Typically, I get one of two responses. There is the “I have always been interested in x, y, and z so I pursued it as a career to help people.” Or I get the response, “Because I struggled with x, y, and z and found help with this technique or through this profession so I wanted to do to the same for others.”

Either way, in the end a business was born out of an interest to serve people in a way that had the potential to transform people’s lives.

As noble as that these reasons are they, they alone will not sustain a business without two key ingredients:

*  Clarifying the bigger WHY within your marketing message,

*  Positioning how you are uniquely qualified for your services.

Your service alone won’t necessarily inspire people to take action to work with you, however your bigger WHY of your work will. Being able to clearly share the intangible values of your services is really where the sweet spot will happen. What I have discovered is the deeper the purpose for wanting to step into your specific field of work often is tied into a core value people experience when working with you.

When I started to offer marketing services I knew that I loved working with transformational service professionals because I had a deep connection to holistic expression and living. These types of business owners came to me to help them with their marketing, copywriting, website design, and ezines because I had the ability to help them convey their work effectively with my marketing services.

However, after having a number of clients say to me that I helped them capture the unique voice of their business, did I really begin to understand the deeper intangible value that I gave them – it was the clarity and confidence to really step into their work based on how I viewed the significance of their ability to help people from a more holistic level. This at some level provided greater value for their clients because I was able to capture the power of their work in a way that was hard for them to really see alone on their own.

Their confidence when we aligned their core value in their marketing message was highly attractive and helped them to really see the richer and deeper value people received from them.

Now the second piece to this puzzle challenges the idea of targeting not a market of people as potential clients, but in positioning your service in terms of solving very specific issues and problems. By demonstrating that you really understand the challenges people face who are dealing with the problems you are truly qualified in helping, you become more valuable to people, and dare I say…an expert.

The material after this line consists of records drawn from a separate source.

Definition dotv (R : realType) (d : nat) (u v : 'rV[R]_d) : R :=
  \sum_(l < d) u 0 l * v 0 l.
Definition sqnorm (R : realType) (d : nat) (u : 'rV[R]_d) : R := dotv u u.
Definition enorm (R : realType) (d : nat) (u : 'rV[R]_d) : R := Num.sqrt (sqnorm u).

Definition proper_fun (R : realType) (d : nat) (f : 'rV[R]_d -> \bar R) : Prop :=
  (exists x, (f x < +oo)%E) /\ (forall x, (-oo < f x)%E).

Definition lsc_fun (R : realType) (d : nat) (f : 'rV[R]_d -> \bar R) : Prop :=
  forall (x : 'rV[R]_d) (a : R), (a%:E < f x)%E -> \forall y \near x, (a%:E < f y)%E.

Definition strongly_convex (R : realType) (d : nat) (mu : R) (f : 'rV[R]_d -> \bar R) : Prop :=
  let g := fun x => (f x - (mu / 2 * sqnorm x)%:E)%E in
  forall (x y : 'rV[R]_d) (t : R), 0 < t < 1 ->
    (g (t *: x + (1 - t) *: y)%R <= t%:E * g x + (1 - t)%R%:E * g y)%E.

Definition domf (R : realType) (d : nat) (f : 'rV[R]_d -> \bar R) : set 'rV[R]_d :=
  [set x | (f x < +oo)%E].

(* convex conjugate d(w) = sup_x <w,x> - f(x) (finite under the standing assumptions) *)
Definition conjf (R : realType) (d : nat) (f : 'rV[R]_d -> \bar R) (w : 'rV[R]_d) : R :=
  fine (ereal_sup [set ((dotv w x)%:E - f x)%E | x in [set: 'rV[R]_d]]).

(* grad d(w) = argmax_x { <w,x> - f(x) } *)
Definition gradconj (R : realType) (d : nat) (f : 'rV[R]_d -> \bar R) (w : 'rV[R]_d)
  : 'rV[R]_d :=
  xget 0 [set x | forall y, ((dotv w y)%:E - f y <= (dotv w x)%:E - f x)%E].

Definition Dfun (R : realType) (n d : nat) (f : 'I_n -> 'rV[R]_d -> \bar R)
  (w : 'I_n -> 'rV[R]_d) : R := \sum_(i < n) conjf (f i) (w i).

(* I_ij^k : the min{m,N} largest t <= k with {i,j} in E^t *)
Definition mem_idx (n : nat) (adj : nat -> 'I_n -> 'I_n -> bool) (m k : nat)
  (i j : 'I_n) : seq nat :=
  take m [seq t <- rev (iota 0 k.+1) | adj t i j].

(* feasibility of (a_ij, a_ji) for the AA subproblem of edge {i,j} at iteration k;
   coefficient vectors indexed by t in I_ij^k are represented as functions nat -> R *)
Definition aa_feasible (R : realType) (n d : nat) (adj : nat -> 'I_n -> 'I_n -> bool)
  (m : nat) (w : nat -> 'I_n -> 'rV[R]_d) (k : nat) (i j : 'I_n) (a b : nat -> R) : Prop :=
  let I := mem_idx adj m k i j in
  \sum_(t <- I) a t *: w t i + \sum_(t <- I) b t *: w t j = w k i + w k j
  /\ \sum_(t <- I) a t = 1 /\ \sum_(t <- I) b t = 1.

Definition aa_objective (R : realType) (n d : nat) (f : 'I_n -> 'rV[R]_d -> \bar R)
  (adj : nat -> 'I_n -> 'I_n -> bool) (m : nat) (w : nat -> 'I_n -> 'rV[R]_d)
  (k : nat) (i j : 'I_n) (a b : nat -> R) : R :=
  let I := mem_idx adj m k i j in
  sqnorm (\sum_(t <- I) a t *: gradconj (f i) (w t i)
          - \sum_(t <- I) b t *: gradconj (f j) (w t j)).

Definition aa_minimizer (R : realType) (n d : nat) (f : 'I_n -> 'rV[R]_d -> \bar R)
  (adj : nat -> 'I_n -> 'I_n -> bool) (m : nat) (w : nat -> 'I_n -> 'rV[R]_d)
  (k : nat) (i j : 'I_n) (a b : nat -> R) : Prop :=
  aa_feasible adj m w k i j a b /\
  forall a' b', aa_feasible adj m w k i j a' b' ->
    aa_objective f adj m w k i j a b <= aa_objective f adj m w k i j a' b'.

(* w_ij^{k+1/2}, computed with a = alpha_ij^k and b = alpha_ji^k.
   safeS1 = true : test (S1);  safeS1 = false : test (S2). *)
Definition half_step (R : realType) (n d : nat) (f : 'I_n -> 'rV[R]_d -> \bar R)
  (L beta c1 c2 : R) (safeS1 : bool)
  (adj : nat -> 'I_n -> 'I_n -> bool) (m : nat) (w : nat -> 'I_n -> 'rV[R]_d)
  (k : nat) (i j : 'I_n) (a b : nat -> R) : 'rV[R]_d :=
  let I := mem_idx adj m k i j in
  let wt_ij := \sum_(t <- I) a t *: w t i in
  let wt_ji := \sum_(t <- I) b t *: w t j in
  let D_ij := \sum_(t <- I) a t *: gradconj (f i) (w t i) in
  let D_ji := \sum_(t <- I) b t *: gradconj (f j) (w t j) in
  let wb_ij := wt_ij - beta *: (D_ij - D_ji) in
  let wb_ji := wt_ji - beta *: (D_ji - D_ij) in
  let xi := gradconj (f i) (w k i) in
  let xj := gradconj (f j) (w k j) in
  let g := xi - xj in
  let rho := Num.min (- (c1 * sqnorm g))
                     (- (c2 * (sqnorm (wb_ij - w k i) + sqnorm (wb_ji - w k j)))) in
  let test :=
    if safeS1 then
      conjf (f i) wb_ij + conjf (f j) wb_ji - conjf (f i) (w k i) - conjf (f j) (w k j)
        <= rho
    else
      dotv xi (wb_ij - w k i) + L / 2 * sqnorm (wb_ij - w k i)
      + dotv xj (wb_ji - w k j) + L / 2 * sqnorm (wb_ji - w k j) <= rho in
  if test then wb_ij else w k i - beta *: g.

(* Each d_i is finite and, as the conjugate of a mu-strongly convex function, smooth with
   constant L = 1/mu: d(v) <= d(w) + <grad d(w), v - w> + L/2 ||v - w||^2.  The maximiser
   defining grad d_i(w) exists because <w, .> - f_i is upper semicontinuous and coercive,
   f_i - mu/2 ||.||^2 being convex and bounded below near a point of its domain.
   On an edge {i, j} the half-step keeps w_i + w_j and decreases d_i + d_j by at least
   theta1 ||grad d_i - grad d_j||^2: through the safeguard when it accepts the accelerated
   step (for (S2) via the smoothness bound), and by the smoothness bound for the plain
   gradient step otherwise.  As w_i^(k+1) is a convex combination of w_i^k and the
   half-steps, Jensen's inequality for d_i passes these decreases on to D, each edge being
   seen once from each endpoint. *)

From HB Require Import structures.
From mathcomp Require Import all_boot all_order all_algebra.
From mathcomp Require Import all_classical all_reals all_analysis.
From mathcomp Require Import ring lra.
Import Order.TTheory GRing.Theory Num.Theory.
Import numFieldNormedType.Exports.
Local Open Scope classical_set_scope.
Local Open Scope ring_scope.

Having this position do not require permission from other people to claim your expertise status either. As an entrepreneur it’s a promotion you can give yourself. Just make sure you meet these requirements to do so:

1. You must really understand the value of the service you offer. People do not only go to an expert because they have specialized knowledge. There is an intrinsic value of trust that is perceived and comes with the status of expertise because there is a depth of experience and understanding around the specifics of the topic one is an expert in.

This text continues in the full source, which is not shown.